I'm not sure if this is a joke or not, but there's no actual graphics in this besides a yellow ball and green rectangles, while the OP game has actual textured pipes, a textured floor, a background scene. The score counter looks to use a basic system or browser font, while the OP game has a custom font. The OP game has also high score tracking, sharing, a proper main screen instead of just dropping you into gameplay.



Most Android apps are huge because they bundle tons of assets just to accommodate the “initial experience of the user”. Also, using bloat libraries and frameworks (any shipped by Google), increase the apk size.

Nowadays Google offers a solution for this problem called app bundling. It’s especially good if you build a mono app that behaves differently in certain regions. Instead of delivering a raw apk, you deliver a region specific app bundle.



I'm unaware of any apps that behave totally differently in different regions.

Sure - there are sometimes a few disabled features in one region or another, but is that really worth shipping a totally different binary for?

Even language packs can be tiny even for 200+ languages if they're pure text.

It's only when you get language/region specific artwork that there's a problem.

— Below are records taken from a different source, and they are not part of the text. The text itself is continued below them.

(* Let $R$ be a right semiartinian ring that is not completely reducible, and let $M$ be a finitely generated weakly $R$-projective right $R$-module. Then $M$ is projective.
   Context: All modules are right $R$-modules. For a right semiartinian ring $R$, the right socle sequence $(S_\alpha \mid \alpha \leq \sigma+1)$ is defined by $S_0 = 0$, $S_{\alpha+1}/S_\alpha = \mathrm{Soc}(R/S_\alpha)$, $S_\alpha = \bigcup_{\beta<\alpha} S_\beta$ for limit $\alpha$, with $\sigma+1$ the least ordinal such that $S_{\sigma+1} = R$ (the Loewy length); it is assumed that $\sigma > 0$ (i.e. $R$ is not completely reducible). For $\alpha \leq \sigma$, the $\alpha$th layer is $L_\alpha = S_{\alpha+1}/S_\alpha$ and the $\alpha$th layer epimorphism is the canonical projection $\pi_\alpha : S_{\alpha+1} \to L_\alpha$. A module $M$ is weakly $R$-projective if for each $0 < \alpha \leq \sigma$, each $f \in \mathrm{Hom}_R(M, L_\alpha)$ with finitely generated image factors through $\pi_\alpha$, i.e. $f = \pi_\alpha g$ for some $g \in \mathrm{Hom}_R(M, S_{\alpha+1})$. *)

(* Right R-modules are modelled as left modules over the
   converse ring R^c (so  m *: x  with m : R^c is the right action x . m). *)
From HB Require Import structures.
From mathcomp Require Import all_boot all_algebra.
Set Implicit Arguments. Unset Strict Implicit. Unset Printing Implicit Defensive.
Import GRing.Theory.
Local Open Scope ring_scope.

I made a sub-100k Android app once (I am now banned from the Play Store, and I should be lucky they didn't delete my Gmail account too) and every time I opened the IDE (Android Studio at the time) it would automatically add a Google "support library" to the project that Google obviously wanted to force me to use. If I forgot to remove it and built the app, it would be closer to 10MB. So that was the minimum size of almost every Android app at the time.



On a technicality, yes, but I think most developers who use it do so because of the large collection of React-style user interface components which are built into it. Now that Jetpack Compose exists (which allows for traditional Java-based widgets to be used in a 'reactive' way), personally I don't see any reason to use Flutter. That 'drawing directly' aspect puts Flutter apps several years behind in terms of performance, accessibility and reliability, since pretty much everything in the Android API needs to be reimplemented in Dart.



Interesting to see what a Windows-based project looks like. I haven't used Windows for ages. Seeing the .bat files and vsproj files gave me nostalgic feelings.



i realised recently, there is a correlation between the file size of a game and how likely i am to enjoy it.

the smaller the file size the more likely i am to enjoy it. and the opposite is true.

i think part of it is time investment. having less time. i dont see much value in 60gb of 4k graphics textures.

pac man on the atari or snes is maybe less than 100kb, while modern pac man could be easily 10gb or more. same for tetris or any game with the same gameplay that hasn't changed much.